We can nourish this layer with mindfulness techniques and meditation. It is this kosha that derives our beliefs, perceptions, and habit patterns.
4. Vijnanamaya Kosha
The fourth sheath is the Vijnanamaya Kosha, which embodies wisdom, clarity, intuition, and consciousness. We can support this layer by practising detachment, Jnana yoga, and deep meditation.
5. Anadamaya Kosha
The Anandamaya kosha is the fifth layer, which is the layer of bliss. ‘Ananda’ means bliss that is found here in the innermost and the deepest layer. This is the innermost sheath, where there is eternal happiness and joy. This layer gives you contentment and bliss.
This bliss cannot be described in words, but only experienced. The practice of bhakti yoga helps us connect with this layer.
What is Yoga?
‘Yoga’ is derived from the Sanskrit term ‘yuj’, actually meaning ‘to yoke’, ‘to unite’, or ‘to join.’ Yoga is the practice of the body and the mind to attain union with the universe.
It involves breathing practices, meditation, and physical postures, also known as hatha yoga. The origin of yoga can be traced back to northern India over 5000 years back. Ancient sacred texts known as the Rig Veda first mentioned the word ‘yoga’.
Attaining Union by Exploring All the Koshas and Practising Yoga
It is through yoga exercises that you start with the physical body and slowly progress towards the innermost layer by peeling one sheath at a time. The inward journey through each of the five koshas on the yoga mat is natural and intuitive. It starts with yoga for the physical body (the annamaya kosha), as it is the first point from where the work towards spiritual fulfilment starts.
Once you are aware of the physical body, your attention moves to your breath (the pranamaya kosha). It determines the energy movement and fluidity of energy throughout your system. You will observe that concentrating on your body and then breathing aids in calming your mind and shifting stuck emotions; it is the manomya kosha.
Once your mind attains a more tranquil state, a wider gateway to awareness and wisdom (vijnanamaya kosha) opens.

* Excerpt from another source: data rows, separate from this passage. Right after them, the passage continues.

Lemma real_linear_herm0D (X Y : 'M[C]_n) :
  cmx_herm0 X -> cmx_herm0 Y -> phi (X + Y) = phi X + phi Y.
Proof. by move=> hX hY; have := phi_lin (rpred1 _) (rpred1 _) hX hY; rewrite !scale1r. Qed.

Lemma real_linear_herm0Z (a : C) (X : 'M[C]_n) :
  a \is Num.real -> cmx_herm0 X -> phi (a *: X) = a *: phi X.
Proof. by move=> ra hX; have := phi_lin ra (rpred0 _) hX hX; rewrite !scale0r !addr0. Qed.

End RealLinear.

Theorem lemma3p9 (R : realType) (k m : nat) (hk : (2 <= k)%N)
  (phi : 'M[R[i]]_(2 * (k - 1) + 2) -> 'M[R[i]]_m)
  (phi_lin : cmx_real_linear_on_herm0 phi)
  (phi_unit : forall X : 'M[R[i]]_(2 * (k - 1) + 2), cmx_iherm0 X -> cmx_unitary (phi X))
  (H : 'M[R[i]]_(2 * (k - 2))) (K : 'M[R[i]]_2) (Z : 'M[R[i]]_2)
  (T : 'M[R[i]]_(2 * (k - 1), 2)) (V : 'M[R[i]]_(2 * (k - 1), 2 * (k - 2)))
  (hH : cmx_iherm0 H) (hK : cmx_hermitian K /\ cmx_unitary K) (hZ : cmx_unitary Z)
  (hVT : cmx_unitary (row_mx V T)) :
  let B : 'M[R[i]]_(2 * (k - 1) + 2) :=
    block_mx 0 (T *m Z) (cmx_adj Z *m cmx_adj T) 0 in
  let D : 'M[R[i]]_(2 * (k - 1) + 2) :=
    block_mx (T *m K *m cmx_adj T) 0 0 (- (cmx_adj Z *m K *m Z)) in
  let E : 'M[R[i]]_(2 * (k - 1) + 2) :=
    block_mx (V *m H *m cmx_adj V) 0 0 (0 : 'M[R[i]]_2) in
  [/\ cmx_sqabs (phi B) = cmx_sqabs (phi D),
      cmx_sqabs (phi D) = 1%:M - cmx_sqabs (phi E)
    & cmx_Re (cmx_adj (phi D) *m phi B) = 0].
Proof.
move=> B D E.
have hE : cmx_herm0 E := herm0_pencil_E hH hVT.
have hD : cmx_herm0 D := herm0_pencil_D hK hZ hVT.
have hB : cmx_herm0 B := herm0_pencil_B Z T.
have phi_circle (s t : R[i]) : s \is Num.real -> t \is Num.real -> s ^+ 2 + t ^+ 2 = 1 ->
    cmx_sqabs (phi E + (s *: phi D + t *: phi B)) = 1%:M.
  move=> rs rt st1; have hsD := cmx_herm0Z rs hD; have htB := cmx_herm0Z rt hB.
  rewrite -(real_linear_herm0Z phi_lin rs hD) -(real_linear_herm0Z phi_lin rt hB).
  rewrite -(real_linear_herm0D phi_lin hsD htB).
  rewrite -(real_linear_herm0D phi_lin hE (cmx_herm0D hsD htB)).
  by case: (phi_unit _ (iherm0_pencil hH hK hZ hVT rs rt st1)).
have [sqabsD sqabsB crossDB] := cmx_sqabs_circle phi_circle.
by rewrite cmx_Re_adj_mul crossDB scaler0 sqabsB sqabsD.
Qed.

Concluding your yogic practice with rooted meditation opens the door to knowing your true self or reaching the blissful core (the anandamaya kosha).
Harvesting a sense of wonder and curiosity about the depth and fullness of your being is one of the most innovative components of the inward spiritual journey.
The above blog will help you guide towards an ultimate state of blissfulness. You can also start with yoga for beginners with Yoga. Even the shortest moment of realising who you truly are can be a source of pure bliss.
According to the yogic system, how many koshas does a human body have?
The human body has five koshas, namely, annamaya kosha, pranamaya kosha, manomaya kosha, vijnanamaya kosha, and anandamaya kosha.
Which kosha determines willpower?
The Vijnanamaya Kosha, the layer of wisdom, manifests willpower.
What is the origin of the koshas?
The koshas were first mentioned in the Upanishads.
Which type of yoga is the oldest?
Vedic Yoga is the oldest form of yoga.
Which kosha comprises chakras and naadis?
The Pranayama Kosha regulates energies through chakras and naadis.